[EXERCISE PROMPT]:
Return exactly the span of lines in the following data that opens with the line containing "(th : 'rV[R]_n) : 'M[R]_n" and closes with the line containing "Definition ipartition := Pc". Include nothing else.

*** EXCERPTED DATA ***

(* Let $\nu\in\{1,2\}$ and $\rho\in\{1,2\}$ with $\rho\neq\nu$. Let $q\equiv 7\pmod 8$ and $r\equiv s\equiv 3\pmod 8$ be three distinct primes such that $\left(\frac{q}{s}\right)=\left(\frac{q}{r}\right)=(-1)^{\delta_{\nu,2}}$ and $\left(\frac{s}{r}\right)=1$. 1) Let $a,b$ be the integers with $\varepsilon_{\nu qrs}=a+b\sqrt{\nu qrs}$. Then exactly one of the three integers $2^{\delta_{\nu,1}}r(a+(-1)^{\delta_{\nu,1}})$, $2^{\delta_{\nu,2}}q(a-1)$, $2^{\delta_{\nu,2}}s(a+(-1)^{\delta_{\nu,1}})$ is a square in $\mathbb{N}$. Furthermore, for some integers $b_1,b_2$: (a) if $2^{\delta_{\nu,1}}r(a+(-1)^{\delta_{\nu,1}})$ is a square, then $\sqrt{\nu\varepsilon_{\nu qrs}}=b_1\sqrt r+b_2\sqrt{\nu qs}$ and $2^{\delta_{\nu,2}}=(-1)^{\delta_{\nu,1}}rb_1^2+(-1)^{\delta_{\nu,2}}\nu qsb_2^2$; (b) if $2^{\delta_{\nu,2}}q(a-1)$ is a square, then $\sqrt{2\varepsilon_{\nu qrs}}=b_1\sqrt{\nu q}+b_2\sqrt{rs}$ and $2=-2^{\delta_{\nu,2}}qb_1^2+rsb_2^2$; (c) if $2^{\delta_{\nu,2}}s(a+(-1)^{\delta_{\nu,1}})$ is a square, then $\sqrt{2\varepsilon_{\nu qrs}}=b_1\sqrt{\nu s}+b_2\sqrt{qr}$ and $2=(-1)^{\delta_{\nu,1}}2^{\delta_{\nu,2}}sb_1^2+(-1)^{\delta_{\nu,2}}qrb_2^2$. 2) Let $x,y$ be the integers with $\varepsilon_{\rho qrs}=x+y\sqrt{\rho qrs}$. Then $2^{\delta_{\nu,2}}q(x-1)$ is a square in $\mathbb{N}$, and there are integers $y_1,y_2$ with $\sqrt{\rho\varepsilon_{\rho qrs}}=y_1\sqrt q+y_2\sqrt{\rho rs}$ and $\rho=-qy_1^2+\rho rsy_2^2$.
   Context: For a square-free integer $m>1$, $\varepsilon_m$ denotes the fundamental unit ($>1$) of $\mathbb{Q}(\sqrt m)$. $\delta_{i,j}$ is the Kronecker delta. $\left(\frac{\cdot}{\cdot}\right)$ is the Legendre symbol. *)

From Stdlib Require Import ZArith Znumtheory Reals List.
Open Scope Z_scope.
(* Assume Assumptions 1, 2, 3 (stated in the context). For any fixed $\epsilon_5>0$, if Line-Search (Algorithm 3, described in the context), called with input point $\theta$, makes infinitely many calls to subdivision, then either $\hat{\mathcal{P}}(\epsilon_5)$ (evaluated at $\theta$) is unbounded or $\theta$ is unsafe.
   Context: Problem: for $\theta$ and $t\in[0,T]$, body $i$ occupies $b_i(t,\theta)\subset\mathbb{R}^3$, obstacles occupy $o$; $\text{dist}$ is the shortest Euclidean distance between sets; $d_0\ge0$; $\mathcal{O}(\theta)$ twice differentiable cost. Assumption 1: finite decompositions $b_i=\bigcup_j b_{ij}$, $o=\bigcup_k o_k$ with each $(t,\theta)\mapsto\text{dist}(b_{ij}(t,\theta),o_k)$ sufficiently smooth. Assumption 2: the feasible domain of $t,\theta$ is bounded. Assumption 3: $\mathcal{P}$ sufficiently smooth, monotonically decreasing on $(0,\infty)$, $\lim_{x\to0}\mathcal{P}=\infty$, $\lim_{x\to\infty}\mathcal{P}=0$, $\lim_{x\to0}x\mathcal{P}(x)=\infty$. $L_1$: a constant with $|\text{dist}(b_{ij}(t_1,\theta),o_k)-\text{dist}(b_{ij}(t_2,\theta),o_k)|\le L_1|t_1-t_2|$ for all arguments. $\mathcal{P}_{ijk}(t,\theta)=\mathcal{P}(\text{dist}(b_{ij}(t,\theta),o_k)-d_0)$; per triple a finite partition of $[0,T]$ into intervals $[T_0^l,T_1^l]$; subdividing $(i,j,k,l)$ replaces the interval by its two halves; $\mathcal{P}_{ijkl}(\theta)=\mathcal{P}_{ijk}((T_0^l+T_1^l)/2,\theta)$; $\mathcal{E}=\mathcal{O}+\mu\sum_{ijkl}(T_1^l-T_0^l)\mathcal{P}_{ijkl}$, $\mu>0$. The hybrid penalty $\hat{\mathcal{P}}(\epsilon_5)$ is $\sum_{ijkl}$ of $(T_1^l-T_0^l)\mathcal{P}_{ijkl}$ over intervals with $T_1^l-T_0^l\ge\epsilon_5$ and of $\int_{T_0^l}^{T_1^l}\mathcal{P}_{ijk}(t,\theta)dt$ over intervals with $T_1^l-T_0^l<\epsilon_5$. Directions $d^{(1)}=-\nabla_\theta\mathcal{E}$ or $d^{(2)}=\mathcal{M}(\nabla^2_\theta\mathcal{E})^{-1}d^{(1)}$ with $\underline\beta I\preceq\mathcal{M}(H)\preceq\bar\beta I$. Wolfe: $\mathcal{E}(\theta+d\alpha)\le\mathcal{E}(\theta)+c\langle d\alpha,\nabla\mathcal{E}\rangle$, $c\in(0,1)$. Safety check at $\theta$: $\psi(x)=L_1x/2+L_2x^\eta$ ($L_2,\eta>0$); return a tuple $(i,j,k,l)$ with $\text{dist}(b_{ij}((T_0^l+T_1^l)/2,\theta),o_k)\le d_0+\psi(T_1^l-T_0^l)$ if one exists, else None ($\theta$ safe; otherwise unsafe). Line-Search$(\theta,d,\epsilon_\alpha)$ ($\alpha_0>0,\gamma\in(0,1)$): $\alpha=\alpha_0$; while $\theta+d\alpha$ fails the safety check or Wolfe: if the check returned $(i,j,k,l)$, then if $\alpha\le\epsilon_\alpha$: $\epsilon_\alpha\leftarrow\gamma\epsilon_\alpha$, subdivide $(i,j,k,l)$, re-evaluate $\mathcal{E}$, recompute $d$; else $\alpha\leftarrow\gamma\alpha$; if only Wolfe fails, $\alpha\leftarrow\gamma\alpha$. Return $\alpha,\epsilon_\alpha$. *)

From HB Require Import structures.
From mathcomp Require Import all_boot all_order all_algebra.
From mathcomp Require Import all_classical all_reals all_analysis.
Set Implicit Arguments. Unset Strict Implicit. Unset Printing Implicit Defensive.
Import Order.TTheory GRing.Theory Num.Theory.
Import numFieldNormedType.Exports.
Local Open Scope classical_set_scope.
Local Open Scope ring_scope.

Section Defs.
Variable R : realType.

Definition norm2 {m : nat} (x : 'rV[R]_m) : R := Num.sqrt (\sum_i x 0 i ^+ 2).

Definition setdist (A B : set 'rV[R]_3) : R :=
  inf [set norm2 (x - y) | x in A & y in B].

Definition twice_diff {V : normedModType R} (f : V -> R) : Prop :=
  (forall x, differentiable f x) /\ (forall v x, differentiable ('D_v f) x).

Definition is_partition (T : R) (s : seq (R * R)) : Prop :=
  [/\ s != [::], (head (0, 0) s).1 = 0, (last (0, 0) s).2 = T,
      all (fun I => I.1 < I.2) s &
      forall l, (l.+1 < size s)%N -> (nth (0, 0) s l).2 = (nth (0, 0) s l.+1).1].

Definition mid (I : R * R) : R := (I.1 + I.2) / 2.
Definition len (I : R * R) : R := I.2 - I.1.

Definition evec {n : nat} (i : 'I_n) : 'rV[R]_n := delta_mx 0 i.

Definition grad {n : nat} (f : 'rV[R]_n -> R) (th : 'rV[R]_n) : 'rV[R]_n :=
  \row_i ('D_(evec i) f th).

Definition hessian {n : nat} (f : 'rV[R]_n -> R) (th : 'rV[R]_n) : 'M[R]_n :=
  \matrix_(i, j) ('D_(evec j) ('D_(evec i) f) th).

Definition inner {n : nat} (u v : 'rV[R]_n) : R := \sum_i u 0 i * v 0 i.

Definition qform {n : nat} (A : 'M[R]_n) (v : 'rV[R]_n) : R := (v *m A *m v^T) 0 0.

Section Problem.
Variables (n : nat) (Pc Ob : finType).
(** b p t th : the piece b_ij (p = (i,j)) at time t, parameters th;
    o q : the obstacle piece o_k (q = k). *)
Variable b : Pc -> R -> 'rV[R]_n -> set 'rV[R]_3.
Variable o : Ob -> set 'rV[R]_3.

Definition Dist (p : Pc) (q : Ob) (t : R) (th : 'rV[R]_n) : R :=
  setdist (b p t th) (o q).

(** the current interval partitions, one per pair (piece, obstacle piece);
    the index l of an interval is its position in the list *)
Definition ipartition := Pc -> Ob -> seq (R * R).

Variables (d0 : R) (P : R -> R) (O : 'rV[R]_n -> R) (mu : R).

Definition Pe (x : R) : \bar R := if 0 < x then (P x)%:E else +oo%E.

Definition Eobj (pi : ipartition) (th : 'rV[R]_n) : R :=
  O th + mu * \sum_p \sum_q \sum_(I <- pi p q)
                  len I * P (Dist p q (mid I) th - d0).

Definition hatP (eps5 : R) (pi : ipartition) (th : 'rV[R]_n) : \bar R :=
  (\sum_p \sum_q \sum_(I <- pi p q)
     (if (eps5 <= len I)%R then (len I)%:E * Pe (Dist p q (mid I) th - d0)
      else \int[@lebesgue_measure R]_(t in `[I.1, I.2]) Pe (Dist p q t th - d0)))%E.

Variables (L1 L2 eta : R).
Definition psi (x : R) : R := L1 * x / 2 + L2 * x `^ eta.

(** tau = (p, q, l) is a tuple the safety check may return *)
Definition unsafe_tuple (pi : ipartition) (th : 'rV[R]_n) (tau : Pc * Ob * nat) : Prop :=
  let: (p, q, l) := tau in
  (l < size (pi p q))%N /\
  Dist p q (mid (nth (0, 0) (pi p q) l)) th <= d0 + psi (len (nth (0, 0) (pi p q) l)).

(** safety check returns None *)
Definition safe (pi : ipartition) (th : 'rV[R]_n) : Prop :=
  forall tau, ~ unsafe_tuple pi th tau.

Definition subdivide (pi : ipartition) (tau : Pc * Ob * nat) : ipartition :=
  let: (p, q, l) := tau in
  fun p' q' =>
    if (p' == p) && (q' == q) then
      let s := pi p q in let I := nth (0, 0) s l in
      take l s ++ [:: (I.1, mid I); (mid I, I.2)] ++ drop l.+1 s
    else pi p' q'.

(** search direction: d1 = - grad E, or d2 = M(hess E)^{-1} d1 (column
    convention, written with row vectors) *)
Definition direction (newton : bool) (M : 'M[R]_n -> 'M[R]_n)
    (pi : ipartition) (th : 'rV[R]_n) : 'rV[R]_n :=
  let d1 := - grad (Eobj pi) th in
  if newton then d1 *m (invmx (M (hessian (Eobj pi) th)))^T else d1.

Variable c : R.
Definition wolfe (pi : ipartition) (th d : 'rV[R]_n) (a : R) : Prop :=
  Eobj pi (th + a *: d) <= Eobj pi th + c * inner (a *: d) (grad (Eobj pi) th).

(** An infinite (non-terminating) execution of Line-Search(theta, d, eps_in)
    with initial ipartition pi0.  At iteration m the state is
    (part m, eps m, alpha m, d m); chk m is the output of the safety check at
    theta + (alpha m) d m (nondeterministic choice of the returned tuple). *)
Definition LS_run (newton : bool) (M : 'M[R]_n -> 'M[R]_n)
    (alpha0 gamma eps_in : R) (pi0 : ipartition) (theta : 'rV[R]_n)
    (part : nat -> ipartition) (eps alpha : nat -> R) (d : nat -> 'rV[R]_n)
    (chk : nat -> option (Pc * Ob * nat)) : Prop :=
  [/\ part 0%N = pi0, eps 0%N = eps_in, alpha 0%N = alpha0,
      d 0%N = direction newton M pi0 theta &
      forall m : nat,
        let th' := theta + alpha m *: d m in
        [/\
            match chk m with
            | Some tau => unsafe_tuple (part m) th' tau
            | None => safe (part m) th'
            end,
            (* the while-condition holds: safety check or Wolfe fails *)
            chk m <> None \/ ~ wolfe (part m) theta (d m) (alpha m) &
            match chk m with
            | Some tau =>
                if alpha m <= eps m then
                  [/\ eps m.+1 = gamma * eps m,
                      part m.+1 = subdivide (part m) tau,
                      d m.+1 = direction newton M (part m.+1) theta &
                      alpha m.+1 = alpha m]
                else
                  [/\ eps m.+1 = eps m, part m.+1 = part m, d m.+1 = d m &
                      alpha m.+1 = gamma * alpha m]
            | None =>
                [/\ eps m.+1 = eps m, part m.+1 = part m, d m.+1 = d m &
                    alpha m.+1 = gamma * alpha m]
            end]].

*** End of EXCERPTED DATA ***
*** EXCERPTED DATA ***

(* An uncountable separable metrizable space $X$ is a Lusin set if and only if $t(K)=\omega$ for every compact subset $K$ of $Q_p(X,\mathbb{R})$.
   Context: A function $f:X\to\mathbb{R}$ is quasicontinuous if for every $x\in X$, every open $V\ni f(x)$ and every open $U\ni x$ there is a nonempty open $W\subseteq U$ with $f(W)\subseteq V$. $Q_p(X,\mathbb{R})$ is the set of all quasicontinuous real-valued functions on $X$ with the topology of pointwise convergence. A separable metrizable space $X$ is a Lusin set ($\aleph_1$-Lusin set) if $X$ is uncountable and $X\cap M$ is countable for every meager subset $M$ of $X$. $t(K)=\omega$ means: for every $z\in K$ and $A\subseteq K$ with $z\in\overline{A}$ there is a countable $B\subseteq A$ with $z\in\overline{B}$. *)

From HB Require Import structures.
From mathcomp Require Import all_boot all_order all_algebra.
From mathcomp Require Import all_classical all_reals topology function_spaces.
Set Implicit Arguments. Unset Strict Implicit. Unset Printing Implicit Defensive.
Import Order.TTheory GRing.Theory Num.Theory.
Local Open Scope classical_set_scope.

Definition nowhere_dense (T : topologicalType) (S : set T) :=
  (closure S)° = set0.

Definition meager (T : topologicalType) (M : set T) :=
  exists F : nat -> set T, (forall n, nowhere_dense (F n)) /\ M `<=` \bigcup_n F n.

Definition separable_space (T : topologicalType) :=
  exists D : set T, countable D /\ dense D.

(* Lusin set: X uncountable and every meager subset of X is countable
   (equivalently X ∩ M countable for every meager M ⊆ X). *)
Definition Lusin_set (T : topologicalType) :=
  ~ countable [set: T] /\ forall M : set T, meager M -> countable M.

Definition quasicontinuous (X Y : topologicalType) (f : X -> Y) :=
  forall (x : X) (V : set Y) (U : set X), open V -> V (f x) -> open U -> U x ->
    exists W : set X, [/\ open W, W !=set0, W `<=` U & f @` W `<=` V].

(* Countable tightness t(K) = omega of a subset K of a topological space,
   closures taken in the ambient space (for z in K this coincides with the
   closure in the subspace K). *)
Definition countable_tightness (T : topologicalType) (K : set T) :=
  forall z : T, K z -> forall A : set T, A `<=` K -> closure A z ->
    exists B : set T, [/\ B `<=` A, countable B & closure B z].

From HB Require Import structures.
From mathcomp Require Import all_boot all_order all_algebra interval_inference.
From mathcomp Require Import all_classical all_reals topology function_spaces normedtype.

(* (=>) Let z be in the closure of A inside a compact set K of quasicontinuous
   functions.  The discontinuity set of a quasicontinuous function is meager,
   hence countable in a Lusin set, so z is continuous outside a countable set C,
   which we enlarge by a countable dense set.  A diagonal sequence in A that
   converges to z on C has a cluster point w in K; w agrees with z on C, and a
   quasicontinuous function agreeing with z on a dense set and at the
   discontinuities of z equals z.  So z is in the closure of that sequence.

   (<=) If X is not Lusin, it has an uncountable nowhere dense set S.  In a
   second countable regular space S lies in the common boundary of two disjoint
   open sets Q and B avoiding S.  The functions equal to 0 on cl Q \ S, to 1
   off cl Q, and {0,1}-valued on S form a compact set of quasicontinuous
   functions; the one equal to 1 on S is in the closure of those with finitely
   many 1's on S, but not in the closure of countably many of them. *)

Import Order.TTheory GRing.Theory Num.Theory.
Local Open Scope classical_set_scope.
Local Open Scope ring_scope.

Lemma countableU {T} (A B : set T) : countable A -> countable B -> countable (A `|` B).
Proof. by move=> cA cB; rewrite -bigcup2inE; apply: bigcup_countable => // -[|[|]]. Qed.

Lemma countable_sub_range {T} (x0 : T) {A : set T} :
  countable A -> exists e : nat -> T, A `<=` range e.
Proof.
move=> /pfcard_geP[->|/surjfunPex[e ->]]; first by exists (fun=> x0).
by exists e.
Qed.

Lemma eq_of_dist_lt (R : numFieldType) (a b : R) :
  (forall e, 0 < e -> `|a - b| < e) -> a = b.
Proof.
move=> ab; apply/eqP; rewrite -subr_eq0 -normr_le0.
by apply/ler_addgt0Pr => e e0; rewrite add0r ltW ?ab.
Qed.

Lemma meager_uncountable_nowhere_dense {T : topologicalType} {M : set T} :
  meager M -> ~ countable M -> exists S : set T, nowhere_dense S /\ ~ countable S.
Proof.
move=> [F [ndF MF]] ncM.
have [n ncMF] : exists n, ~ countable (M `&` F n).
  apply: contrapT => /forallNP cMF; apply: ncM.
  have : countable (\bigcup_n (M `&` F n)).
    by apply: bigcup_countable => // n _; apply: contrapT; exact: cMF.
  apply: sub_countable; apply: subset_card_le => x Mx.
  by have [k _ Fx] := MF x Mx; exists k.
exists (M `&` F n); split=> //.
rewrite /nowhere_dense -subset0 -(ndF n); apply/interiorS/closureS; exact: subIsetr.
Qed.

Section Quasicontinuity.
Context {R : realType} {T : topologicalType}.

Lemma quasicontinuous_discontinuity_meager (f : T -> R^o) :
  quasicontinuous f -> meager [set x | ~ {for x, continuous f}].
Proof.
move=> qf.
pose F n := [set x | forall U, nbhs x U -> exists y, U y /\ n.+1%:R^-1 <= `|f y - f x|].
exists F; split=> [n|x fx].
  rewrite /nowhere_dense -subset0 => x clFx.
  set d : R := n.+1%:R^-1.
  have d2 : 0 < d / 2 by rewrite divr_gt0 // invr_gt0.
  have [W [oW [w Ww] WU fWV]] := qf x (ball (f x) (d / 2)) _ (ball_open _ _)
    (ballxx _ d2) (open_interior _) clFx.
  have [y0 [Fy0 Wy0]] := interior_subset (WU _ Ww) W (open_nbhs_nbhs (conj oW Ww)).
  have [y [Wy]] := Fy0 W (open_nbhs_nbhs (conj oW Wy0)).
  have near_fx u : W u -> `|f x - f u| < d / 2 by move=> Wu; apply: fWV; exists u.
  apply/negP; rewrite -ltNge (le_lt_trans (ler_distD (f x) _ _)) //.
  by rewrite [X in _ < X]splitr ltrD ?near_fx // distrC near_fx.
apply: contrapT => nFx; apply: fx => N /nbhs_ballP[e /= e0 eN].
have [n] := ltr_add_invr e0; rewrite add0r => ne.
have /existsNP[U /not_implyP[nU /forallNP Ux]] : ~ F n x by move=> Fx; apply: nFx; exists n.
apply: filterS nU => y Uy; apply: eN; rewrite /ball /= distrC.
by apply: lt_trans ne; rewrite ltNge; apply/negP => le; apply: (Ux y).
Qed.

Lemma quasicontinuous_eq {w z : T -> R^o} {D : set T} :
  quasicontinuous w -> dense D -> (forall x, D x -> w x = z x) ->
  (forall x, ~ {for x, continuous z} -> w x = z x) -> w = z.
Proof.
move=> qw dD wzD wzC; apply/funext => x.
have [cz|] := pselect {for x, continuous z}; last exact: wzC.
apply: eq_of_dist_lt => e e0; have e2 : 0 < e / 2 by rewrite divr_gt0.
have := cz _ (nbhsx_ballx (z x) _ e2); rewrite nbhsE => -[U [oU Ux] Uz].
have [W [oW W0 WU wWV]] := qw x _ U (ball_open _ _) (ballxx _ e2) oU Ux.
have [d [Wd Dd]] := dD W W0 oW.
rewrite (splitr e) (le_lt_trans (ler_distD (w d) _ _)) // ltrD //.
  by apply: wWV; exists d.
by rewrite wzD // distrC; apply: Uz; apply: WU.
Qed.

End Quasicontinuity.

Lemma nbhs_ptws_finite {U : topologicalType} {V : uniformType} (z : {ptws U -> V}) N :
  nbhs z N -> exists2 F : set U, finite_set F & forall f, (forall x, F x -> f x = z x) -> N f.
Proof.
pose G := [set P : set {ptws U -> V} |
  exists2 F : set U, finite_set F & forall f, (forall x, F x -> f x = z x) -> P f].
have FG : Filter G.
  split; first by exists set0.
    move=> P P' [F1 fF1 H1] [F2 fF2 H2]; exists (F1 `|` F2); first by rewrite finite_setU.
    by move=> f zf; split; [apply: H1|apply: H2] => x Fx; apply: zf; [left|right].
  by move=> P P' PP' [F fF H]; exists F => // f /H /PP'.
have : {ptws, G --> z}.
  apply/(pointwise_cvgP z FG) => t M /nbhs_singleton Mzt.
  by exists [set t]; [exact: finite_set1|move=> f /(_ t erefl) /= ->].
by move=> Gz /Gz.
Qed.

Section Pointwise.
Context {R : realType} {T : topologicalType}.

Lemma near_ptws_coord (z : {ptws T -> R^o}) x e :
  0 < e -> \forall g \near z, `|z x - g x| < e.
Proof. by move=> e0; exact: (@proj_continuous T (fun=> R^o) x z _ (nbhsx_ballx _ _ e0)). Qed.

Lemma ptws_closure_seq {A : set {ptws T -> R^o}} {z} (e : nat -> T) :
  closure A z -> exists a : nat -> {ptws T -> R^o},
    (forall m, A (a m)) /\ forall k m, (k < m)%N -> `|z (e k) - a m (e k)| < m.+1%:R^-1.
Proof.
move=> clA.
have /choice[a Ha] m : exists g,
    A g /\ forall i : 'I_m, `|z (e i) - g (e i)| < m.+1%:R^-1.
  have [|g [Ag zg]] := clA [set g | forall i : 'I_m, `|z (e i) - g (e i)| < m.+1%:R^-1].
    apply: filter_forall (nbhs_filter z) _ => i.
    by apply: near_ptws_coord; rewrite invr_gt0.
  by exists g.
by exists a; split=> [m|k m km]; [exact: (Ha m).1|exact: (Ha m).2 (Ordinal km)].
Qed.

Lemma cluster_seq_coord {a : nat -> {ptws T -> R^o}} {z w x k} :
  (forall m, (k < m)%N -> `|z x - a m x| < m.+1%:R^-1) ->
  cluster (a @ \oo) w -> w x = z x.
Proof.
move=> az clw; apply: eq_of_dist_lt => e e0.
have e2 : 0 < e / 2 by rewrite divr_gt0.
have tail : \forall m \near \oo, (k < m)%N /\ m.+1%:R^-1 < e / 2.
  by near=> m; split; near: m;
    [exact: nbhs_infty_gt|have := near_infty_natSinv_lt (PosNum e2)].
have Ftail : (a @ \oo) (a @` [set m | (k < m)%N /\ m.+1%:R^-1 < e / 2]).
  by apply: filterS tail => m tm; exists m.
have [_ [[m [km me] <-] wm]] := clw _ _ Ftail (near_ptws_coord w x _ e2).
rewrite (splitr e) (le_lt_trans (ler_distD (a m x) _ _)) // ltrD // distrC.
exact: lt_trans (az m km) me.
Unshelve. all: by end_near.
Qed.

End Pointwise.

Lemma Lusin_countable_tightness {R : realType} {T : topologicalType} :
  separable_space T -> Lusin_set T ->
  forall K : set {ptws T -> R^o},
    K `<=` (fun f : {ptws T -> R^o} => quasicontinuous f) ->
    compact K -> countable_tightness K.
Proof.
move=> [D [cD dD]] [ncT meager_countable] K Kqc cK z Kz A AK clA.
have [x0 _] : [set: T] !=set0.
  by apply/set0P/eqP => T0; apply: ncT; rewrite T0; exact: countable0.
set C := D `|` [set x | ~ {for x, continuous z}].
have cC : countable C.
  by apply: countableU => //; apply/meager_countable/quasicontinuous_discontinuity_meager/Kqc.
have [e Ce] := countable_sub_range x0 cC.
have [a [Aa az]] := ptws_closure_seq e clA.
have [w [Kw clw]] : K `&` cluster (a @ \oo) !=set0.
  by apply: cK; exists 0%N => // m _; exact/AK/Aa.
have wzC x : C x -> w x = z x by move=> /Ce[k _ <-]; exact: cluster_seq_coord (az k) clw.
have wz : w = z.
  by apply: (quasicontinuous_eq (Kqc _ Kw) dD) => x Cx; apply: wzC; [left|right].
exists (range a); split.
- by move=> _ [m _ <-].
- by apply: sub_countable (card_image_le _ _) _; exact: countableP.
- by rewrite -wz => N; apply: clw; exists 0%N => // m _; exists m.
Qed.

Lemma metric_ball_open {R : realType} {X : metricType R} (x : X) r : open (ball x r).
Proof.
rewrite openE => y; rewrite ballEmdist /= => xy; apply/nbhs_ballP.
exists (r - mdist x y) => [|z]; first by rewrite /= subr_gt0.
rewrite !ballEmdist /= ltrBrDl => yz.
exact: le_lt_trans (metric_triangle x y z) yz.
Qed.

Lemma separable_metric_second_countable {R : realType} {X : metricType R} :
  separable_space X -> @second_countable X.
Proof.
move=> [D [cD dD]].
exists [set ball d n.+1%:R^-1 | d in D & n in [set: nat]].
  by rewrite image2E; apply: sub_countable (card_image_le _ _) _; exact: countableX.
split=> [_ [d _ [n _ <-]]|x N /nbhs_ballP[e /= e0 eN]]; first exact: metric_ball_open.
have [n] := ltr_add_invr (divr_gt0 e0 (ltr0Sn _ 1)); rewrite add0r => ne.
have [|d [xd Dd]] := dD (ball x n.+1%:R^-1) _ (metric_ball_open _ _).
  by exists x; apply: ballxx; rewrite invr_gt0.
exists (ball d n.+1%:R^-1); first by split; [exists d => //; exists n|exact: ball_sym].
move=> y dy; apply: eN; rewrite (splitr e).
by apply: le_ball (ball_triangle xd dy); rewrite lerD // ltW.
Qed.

*** End of EXCERPTED DATA ***
*** EXCERPTED DATA ***

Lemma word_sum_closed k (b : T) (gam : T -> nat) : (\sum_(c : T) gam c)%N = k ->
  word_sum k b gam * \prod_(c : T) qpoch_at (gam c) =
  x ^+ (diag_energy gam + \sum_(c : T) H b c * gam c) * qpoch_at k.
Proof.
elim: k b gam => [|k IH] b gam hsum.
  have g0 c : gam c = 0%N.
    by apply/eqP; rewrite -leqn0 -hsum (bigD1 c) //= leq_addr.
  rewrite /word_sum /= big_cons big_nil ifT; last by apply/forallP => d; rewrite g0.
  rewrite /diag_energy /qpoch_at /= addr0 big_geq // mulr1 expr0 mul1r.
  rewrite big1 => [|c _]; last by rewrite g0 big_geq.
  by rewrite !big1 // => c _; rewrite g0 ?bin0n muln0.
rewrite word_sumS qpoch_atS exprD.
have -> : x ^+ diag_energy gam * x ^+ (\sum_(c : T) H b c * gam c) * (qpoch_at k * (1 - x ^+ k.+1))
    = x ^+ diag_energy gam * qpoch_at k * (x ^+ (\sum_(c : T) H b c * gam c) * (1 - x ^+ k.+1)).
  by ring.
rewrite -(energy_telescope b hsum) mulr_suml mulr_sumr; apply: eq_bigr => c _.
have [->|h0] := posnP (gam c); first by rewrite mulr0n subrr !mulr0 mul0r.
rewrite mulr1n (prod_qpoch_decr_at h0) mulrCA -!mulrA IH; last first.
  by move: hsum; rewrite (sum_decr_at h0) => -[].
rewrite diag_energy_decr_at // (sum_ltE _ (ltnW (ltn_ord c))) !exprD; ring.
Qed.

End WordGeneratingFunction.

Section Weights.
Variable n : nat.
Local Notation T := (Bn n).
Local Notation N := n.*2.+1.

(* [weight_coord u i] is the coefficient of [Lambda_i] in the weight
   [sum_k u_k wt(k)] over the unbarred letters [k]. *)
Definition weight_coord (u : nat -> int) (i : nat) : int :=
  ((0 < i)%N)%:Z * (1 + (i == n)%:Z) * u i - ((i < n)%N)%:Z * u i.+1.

*** End of EXCERPTED DATA ***

[RESPONSE AREA]:
Definition hessian {n : nat} (f : 'rV[R]_n -> R) (th : 'rV[R]_n) : 'M[R]_n :=
  \matrix_(i, j) ('D_(evec j) ('D_(evec i) f) th).

Definition inner {n : nat} (u v : 'rV[R]_n) : R := \sum_i u 0 i * v 0 i.

Definition qform {n : nat} (A : 'M[R]_n) (v : 'rV[R]_n) : R := (v *m A *m v^T) 0 0.

Section Problem.
Variables (n : nat) (Pc Ob : finType).
(** b p t th : the piece b_ij (p = (i,j)) at time t, parameters th;
    o q : the obstacle piece o_k (q = k). *)
Variable b : Pc -> R -> 'rV[R]_n -> set 'rV[R]_3.
Variable o : Ob -> set 'rV[R]_3.

Definition Dist (p : Pc) (q : Ob) (t : R) (th : 'rV[R]_n) : R :=
  setdist (b p t th) (o q).

(** the current interval partitions, one per pair (piece, obstacle piece);
    the index l of an interval is its position in the list *)
Definition ipartition := Pc -> Ob -> seq (R * R).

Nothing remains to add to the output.